(* Let $w_1, w_2 \geq 0$ with $w_1 + w_2 > 0$. Both for the class of sequential two-player weighted congestion games with affine costs, proportional cost functions and player weights $w_1,w_2$ (player 1 moving first), and for its subclass of network routing games, the price of anarchy (with respect to subgame-perfect equilibria) is equal to \[ 1 + \frac{w_1w_2}{w_1^2 + w_2^2}. \]
   Context: A weighted two-player congestion game with affine costs consists of a finite set $R$ of resources, coefficients $\alpha_r,\beta_r \geq 0$ for each $r\in R$, two players $i=1,2$ with weights $w_i\ge 0$, and for each player $i$ a nonempty finite set $\mathcal{A}_i \subseteq 2^R$ of actions. For an action profile $A=(A_1,A_2)$ the load of $r$ is $x_r(A)=\sum_{j:\, r\in A_j} w_j$. With proportional costs, player $i$ pays $C_i(A)=w_i\sum_{r\in A_i}(\alpha_r+\beta_r x_r(A))$. The social cost is $C(A)=C_1(A)+C_2(A)$. In a network routing game, $R$ is the arc set of a directed graph, player $i$ has a source $s_i$ and sink $t_i$, and $\mathcal{A}_i$ is the set of arc sets of directed $s_i$–$t_i$ paths. In the sequential game, player 1 (weight $w_1$) chooses $A_1$ first, then player 2 (weight $w_2$), knowing $A_1$, chooses $A_2$. A subgame-perfect equilibrium consists of a function $A_1\mapsto A_2^*(A_1)$ with $C_2(A_1,A_2^*(A_1))\le C_2(A_1,A_2)$ for all $A_1,A_2$, and an action $A_1^*$ with $C_1(A_1^*,A_2^*(A_1^* ))\le C_1(A_1,A_2^*(A_1))$ for all $A_1$; its outcome is $(A_1^*,A_2^*(A_1^* ))$. The price of anarchy of an instance is the maximum over subgame-perfect equilibrium outcomes $A$ of $C(A)/\min_{A'}C(A')$; the price of anarchy of a class is the supremum over all instances (with positive optimal social cost). *)

From HB Require Import structures.
From mathcomp Require Import all_boot all_order all_algebra.
From mathcomp Require Import reals.
Set Implicit Arguments. Unset Strict Implicit. Unset Printing Implicit Defensive.
Import Order.TTheory GRing.Theory Num.Theory.
Local Open Scope ring_scope.

Section CongestionGames.
Variables (R : realType) (T : finType).
Variables (alpha beta : T -> R) (w1 w2 : R).

Definition load (A1 A2 : {set T}) (r : T) : R :=
  (if r \in A1 then w1 else 0) + (if r \in A2 then w2 else 0).

Definition cost1 (A1 A2 : {set T}) : R :=
  w1 * \sum_(r in A1) (alpha r + beta r * load A1 A2 r).
Definition cost2 (A1 A2 : {set T}) : R :=
  w2 * \sum_(r in A2) (alpha r + beta r * load A1 A2 r).
Definition social_cost (A1 A2 : {set T}) : R := cost1 A1 A2 + cost2 A1 A2.

Variables (Acts1 Acts2 : {set {set T}}).

Definition wf_game : Prop :=
  (forall r, 0 <= alpha r /\ 0 <= beta r) /\
  Acts1 != set0 /\ Acts2 != set0.

Definition spe_outcome (B1 B2 : {set T}) : Prop :=
  exists f : {set T} -> {set T},
    (forall A1, A1 \in Acts1 -> f A1 \in Acts2) /\
    (forall A1 A2, A1 \in Acts1 -> A2 \in Acts2 ->
        cost2 A1 (f A1) <= cost2 A1 A2) /\
    B1 \in Acts1 /\
    (forall A1, A1 \in Acts1 -> cost1 B1 (f B1) <= cost1 A1 (f A1)) /\
    B2 = f B1.

Definition is_opt (m : R) : Prop :=
  (exists A1 A2, A1 \in Acts1 /\ A2 \in Acts2 /\ social_cost A1 A2 = m) /\
  (forall A1 A2, A1 \in Acts1 -> A2 \in Acts2 -> m <= social_cost A1 A2).

Definition instance_poa (r : R) : Prop :=
  exists m, is_opt m /\ 0 < m /\
    (exists B1 B2, spe_outcome B1 B2 /\ r = social_cost B1 B2 / m) /\
    (forall B1 B2, spe_outcome B1 B2 -> social_cost B1 B2 / m <= r).

End CongestionGames.

(* network routing games: resources are the arcs of a directed (multi)graph
   on vertex set V given by tail/head maps *)
Section Network.
Variables (T V : finType) (tl hd : T -> V).

Fixpoint walk_from (v t : V) (p : seq T) : bool :=
  match p with
  | [::] => v == t
  | e :: p' => (tl e == v) && walk_from (hd e) t p'
  end.

Definition st_path (s t : V) (p : seq T) : bool :=
  walk_from s t p && uniq (s :: map hd p).

Definition path_action_set (s t : V) (Acts : {set {set T}}) : Prop :=
  forall P : {set T},
    P \in Acts <-> exists p : seq T, st_path s t p /\ P = [set e in p].
End Network.

Definition is_network_game (T : finType) (Acts1 Acts2 : {set {set T}}) : Prop :=
  exists (V : finType) (tl hd : T -> V) (s1 t1 s2 t2 : V),
    path_action_set tl hd s1 t1 Acts1 /\ path_action_set tl hd s2 t2 Acts2.

Definition poa_values (R : realType) (w1 w2 : R) (network : bool) (r : R) : Prop :=
  exists (T : finType) (alpha beta : T -> R) (Acts1 Acts2 : {set {set T}}),
    wf_game alpha beta Acts1 Acts2 /\
    (network -> is_network_game Acts1 Acts2) /\
    instance_poa alpha beta w1 w2 Acts1 Acts2 r.

Definition is_sup (R : realType) (S : R -> Prop) (x : R) : Prop :=
  (forall y, S y -> y <= x) /\
  (forall z, (forall y, S y -> y <= z) -> x <= z).

(* Upper bound: let (B1, B2) be a subgame-perfect outcome, (O1, O2) any profile
   and F the follower's reply to O1.  The equilibrium conditions give
   C1(B) <= C1(O1, F), C2(B) <= C2(B1, F) and C2(O1, F) <= C2(O1, O2).  With
   D = w1^2 + w2^2, an inequality that holds resource by resource (checked on
   each of the 32 patterns of membership in B1, B2, O1, O2, F) yields
   D C2(B1, F) + (D + w1 w2) (C1(O1, F) - C1(O) - C2(O1, F)) <= w1 w2 C1(B),
   and combining the four inequalities gives D C(B) <= (D + w1 w2) C(O).
   Lower bound: in a five-arc network the leader can take a detour through an
   arc shared with the follower's detour; the follower then switches to a
   direct arc of equal cost, and the leader pays no more than on its own
   direct arc.  This outcome costs D + w1 w2 whereas the optimum costs D. *)
From HB Require Import structures.
From mathcomp Require Import all_boot all_order all_algebra.
From mathcomp Require Import reals.
From mathcomp Require Import ring lra.
Set Implicit Arguments. Unset Strict Implicit. Unset Printing Implicit Defensive.
Import Order.TTheory GRing.Theory Num.Theory.
Local Open Scope ring_scope.

Definition poa_bound (R : realType) (w1 w2 : R) : R :=
  1 + w1 * w2 / (w1 ^+ 2 + w2 ^+ 2).

Lemma ler_ratio_1_add (R : realFieldType) (D k C m : R) :
  0 < D -> 0 < m -> D * C <= (D + k) * m -> C / m <= 1 + k / D.
Proof.
move=> D_gt0 m_gt0 le_Cm; rewrite ler_pdivrMr // -(ler_pM2l D_gt0).
have -> : D * ((1 + k / D) * m) = (D + k) * m by field; rewrite gt_eqF.
exact: le_Cm.
Qed.

Section UpperBound.
Variables (R : realType) (T : finType) (alpha beta : T -> R) (w1 w2 : R).
Hypotheses (w1_ge0 : 0 <= w1) (w2_ge0 : 0 <= w2).
Hypothesis coef_ge0 : forall r, 0 <= alpha r /\ 0 <= beta r.

Local Notation D := (w1 ^+ 2 + w2 ^+ 2).
Local Notation load := (load w1 w2).
Local Notation cost1 := (cost1 alpha beta w1 w2).
Local Notation cost2 := (cost2 alpha beta w1 w2).

Definition resource_cost1 (A1 A2 : {set T}) (r : T) : R :=
  if r \in A1 then w1 * (alpha r + beta r * load A1 A2 r) else 0.
Definition resource_cost2 (A1 A2 : {set T}) (r : T) : R :=
  if r \in A2 then w2 * (alpha r + beta r * load A1 A2 r) else 0.

Lemma cost1E A1 A2 : cost1 A1 A2 = \sum_r resource_cost1 A1 A2 r.
Proof.
rewrite /cost1 big_mkcond mulr_sumr; apply: eq_bigr => r _.
by rewrite /resource_cost1; case: ifP; rewrite ?mulr0.
Qed.

Lemma cost2E A1 A2 : cost2 A1 A2 = \sum_r resource_cost2 A1 A2 r.
Proof.
rewrite /cost2 big_mkcond mulr_sumr; apply: eq_bigr => r _.
by rewrite /resource_cost2; case: ifP; rewrite ?mulr0.
Qed.

Lemma resource_cost_ineq B1 B2 O1 O2 F r :
  D * resource_cost2 B1 F r
  + (D + w1 * w2) * (resource_cost1 O1 F r - resource_cost1 O1 O2 r
                      - resource_cost2 O1 F r)
  <= w1 * w2 * resource_cost1 B1 B2 r.
Proof.
rewrite /resource_cost1 /resource_cost2 /load.
have [a_ge0 b_ge0] := coef_ge0 r; move: (alpha r) (beta r) a_ge0 b_ge0 => a b ? ?.
(* The nonnegative monomials that make every case a linear problem. *)
have ? : 0 <= a * (w1 * w1 * w2) by rewrite !mulr_ge0.
have ? : 0 <= a * (w1 * w2 * w2) by rewrite !mulr_ge0.
have ? : 0 <= b * (w1 * w1 * w1 * w2) by rewrite !mulr_ge0.
have ? : 0 <= b * (w1 * w1 * w2 * w2) by rewrite !mulr_ge0.
have ? : 0 <= b * (w1 * w2 * w2 * w2) by rewrite !mulr_ge0.
by case: (r \in B1); case: (r \in B2); case: (r \in O1); case: (r \in O2);
  case: (r \in F) => /=; lra.
Qed.

Lemma cost_ineq B1 B2 O1 O2 F :
  D * cost2 B1 F + (D + w1 * w2) * (cost1 O1 F - cost1 O1 O2 - cost2 O1 F)
  <= w1 * w2 * cost1 B1 B2.
Proof.
rewrite !cost1E !cost2E -!sumrB !mulr_sumr -big_split /=.
by apply: ler_sum => r _; apply: resource_cost_ineq.
Qed.

Lemma spe_social_cost_le (Acts1 Acts2 : {set {set T}}) B1 B2 O1 O2 :
  spe_outcome alpha beta w1 w2 Acts1 Acts2 B1 B2 ->
  O1 \in Acts1 -> O2 \in Acts2 ->
  D * social_cost alpha beta w1 w2 B1 B2
  <= (D + w1 * w2) * social_cost alpha beta w1 w2 O1 O2.
Proof.
move=> [f [f_acts [f_best [B1_acts [B1_best ->]]]]] O1_acts O2_acts.
have D_ge0 : 0 <= D by rewrite addr_ge0 ?exprn_ge0.
have Dw_ge0 : 0 <= D + w1 * w2 by rewrite addr_ge0 ?mulr_ge0.
have leader := ler_wpM2l Dw_ge0 (B1_best O1 O1_acts).
have follower_B := ler_wpM2l D_ge0 (f_best B1 (f O1) B1_acts (f_acts O1 O1_acts)).
have follower_O := ler_wpM2l Dw_ge0 (f_best O1 O2 O1_acts O2_acts).
have := cost_ineq B1 (f B1) O1 O2 (f O1).
rewrite /social_cost; lra.
Qed.

End UpperBound.

Lemma poa_values_le_bound (R : realType) (w1 w2 : R) network r :
  0 <= w1 -> 0 <= w2 -> 0 < w1 ^+ 2 + w2 ^+ 2 ->
  poa_values w1 w2 network r -> r <= poa_bound w1 w2.
Proof.
move=> w1_ge0 w2_ge0 D_gt0 [T [alpha [beta [Acts1 [Acts2 [[coef_ge0 _] [_ poa]]]]]]].
move: poa => [m [[[O1 [O2 [O1_acts [O2_acts <-]]]] _] [m_gt0 [[B1 [B2 [spe ->]]] _]]]].
rewrite /poa_bound; apply: ler_ratio_1_add => //.
exact: (spe_social_cost_le w1_ge0 w2_ge0 coef_ge0 spe O1_acts O2_acts).
Qed.

Definition s1 : 'I_4 := @Ordinal 4 0 isT.
Definition s2 : 'I_4 := @Ordinal 4 1 isT.
Definition t1 : 'I_4 := @Ordinal 4 2 isT.
Definition t2 : 'I_4 := @Ordinal 4 3 isT.

Definition arc_s1t1 : 'I_5 := @Ordinal 5 0 isT.
Definition arc_s1s2 : 'I_5 := @Ordinal 5 1 isT.
Definition arc_s2t1 : 'I_5 := @Ordinal 5 2 isT.
Definition arc_t1t2 : 'I_5 := @Ordinal 5 3 isT.
Definition arc_s2t2 : 'I_5 := @Ordinal 5 4 isT.

Definition arc_tail (e : 'I_5) : 'I_4 :=
  match val e with 0 | 1 => s1 | 2 | 4 => s2 | _ => t1 end.
Definition arc_head (e : 'I_5) : 'I_4 :=
  match val e with 0 | 2 => t1 | 1 => s2 | _ => t2 end.

Definition direct1 : {set 'I_5} := [set arc_s1t1].
Definition detour1 : {set 'I_5} := [set arc_s1s2; arc_s2t1].
Definition direct2 : {set 'I_5} := [set arc_s2t2].
Definition detour2 : {set 'I_5} := [set arc_s2t1; arc_t1t2].
Definition acts1 : {set {set 'I_5}} := [set direct1; detour1].
Definition acts2 : {set {set 'I_5}} := [set direct2; detour2].

Local Notation walk := (walk_from arc_tail arc_head).

Lemma walk_t2_t1 p : walk t2 t1 p = false.
Proof. by case: p => [|[[|[|[|[|[|k]]]]] ?] p]. Qed.

Lemma walk_t1_t1 p : walk t1 t1 p -> p = [::].
Proof. by case: p => [|[[|[|[|[|[|k]]]]] ?] p] //=; rewrite walk_t2_t1. Qed.

Lemma walk_s2_t1 p : walk s2 t1 p -> p = [:: arc_s2t1].
Proof.
case: p => [|[[|[|[|[|[|k]]]]] ?] p] //=; last by rewrite walk_t2_t1.
by move/walk_t1_t1 => ->; apply/eqP.
Qed.

Lemma walk_s1_t1 p : walk s1 t1 p -> p = [:: arc_s1t1] \/ p = [:: arc_s1s2; arc_s2t1].
Proof.
case: p => [|[[|[|[|[|[|k]]]]] ?] p] //=.
  by move/walk_t1_t1 => ->; left; apply/eqP.
by move/walk_s2_t1 => ->; right; apply/eqP.
Qed.

Lemma walk_t2_t2 p : walk t2 t2 p -> p = [::].
Proof. by case: p => [|[[|[|[|[|[|k]]]]] ?] p]. Qed.

Lemma walk_t1_t2 p : walk t1 t2 p -> p = [:: arc_t1t2].
Proof.
case: p => [|[[|[|[|[|[|k]]]]] ?] p] //=.
by move/walk_t2_t2 => ->; apply/eqP.
Qed.

Lemma walk_s2_t2 p : walk s2 t2 p -> p = [:: arc_s2t1; arc_t1t2] \/ p = [:: arc_s2t2].
Proof.
case: p => [|[[|[|[|[|[|k]]]]] ?] p] //=.
  by move/walk_t1_t2 => ->; left; apply/eqP.
by move/walk_t2_t2 => ->; right; apply/eqP.
Qed.

Lemma acts1_paths : path_action_set arc_tail arc_head s1 t1 acts1.
Proof.
move=> P; split.
  rewrite !inE => /orP [] /eqP ->.
    by exists [:: arc_s1t1]; split => //; apply/setP => e; rewrite !inE.
  by exists [:: arc_s1s2; arc_s2t1]; split => //; apply/setP => e; rewrite !inE.
move=> [p [/andP [/walk_s1_t1 [] -> _] ->]]; rewrite !inE; apply/orP.
  by left; apply/eqP/setP => e; rewrite !inE.
by right; apply/eqP/setP => e; rewrite !inE.
Qed.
------------------------
◆ **TASK STATEMENT**
Only the lines holding the string "profile" are needed; copy each of them from the material above.

◆ **ANSWER FOR THE TASK**
   Context: A weighted two-player congestion game with affine costs consists of a finite set $R$ of resources, coefficients $\alpha_r,\beta_r \geq 0$ for each $r\in R$, two players $i=1,2$ with weights $w_i\ge 0$, and for each player $i$ a nonempty finite set $\mathcal{A}_i \subseteq 2^R$ of actions. For an action profile $A=(A_1,A_2)$ the load of $r$ is $x_r(A)=\sum_{j:\, r\in A_j} w_j$. With proportional costs, player $i$ pays $C_i(A)=w_i\sum_{r\in A_i}(\alpha_r+\beta_r x_r(A))$. The social cost is $C(A)=C_1(A)+C_2(A)$. In a network routing game, $R$ is the arc set of a directed graph, player $i$ has a source $s_i$ and sink $t_i$, and $\mathcal{A}_i$ is the set of arc sets of directed $s_i$–$t_i$ paths. In the sequential game, player 1 (weight $w_1$) chooses $A_1$ first, then player 2 (weight $w_2$), knowing $A_1$, chooses $A_2$. A subgame-perfect equilibrium consists of a function $A_1\mapsto A_2^*(A_1)$ with $C_2(A_1,A_2^*(A_1))\le C_2(A_1,A_2)$ for all $A_1,A_2$, and an action $A_1^*$ with $C_1(A_1^*,A_2^*(A_1^* ))\le C_1(A_1,A_2^*(A_1))$ for all $A_1$; its outcome is $(A_1^*,A_2^*(A_1^* ))$. The price of anarchy of an instance is the maximum over subgame-perfect equilibrium outcomes $A$ of $C(A)/\min_{A'}C(A')$; the price of anarchy of a class is the supremum over all instances (with positive optimal social cost). *)
(* Upper bound: let (B1, B2) be a subgame-perfect outcome, (O1, O2) any profile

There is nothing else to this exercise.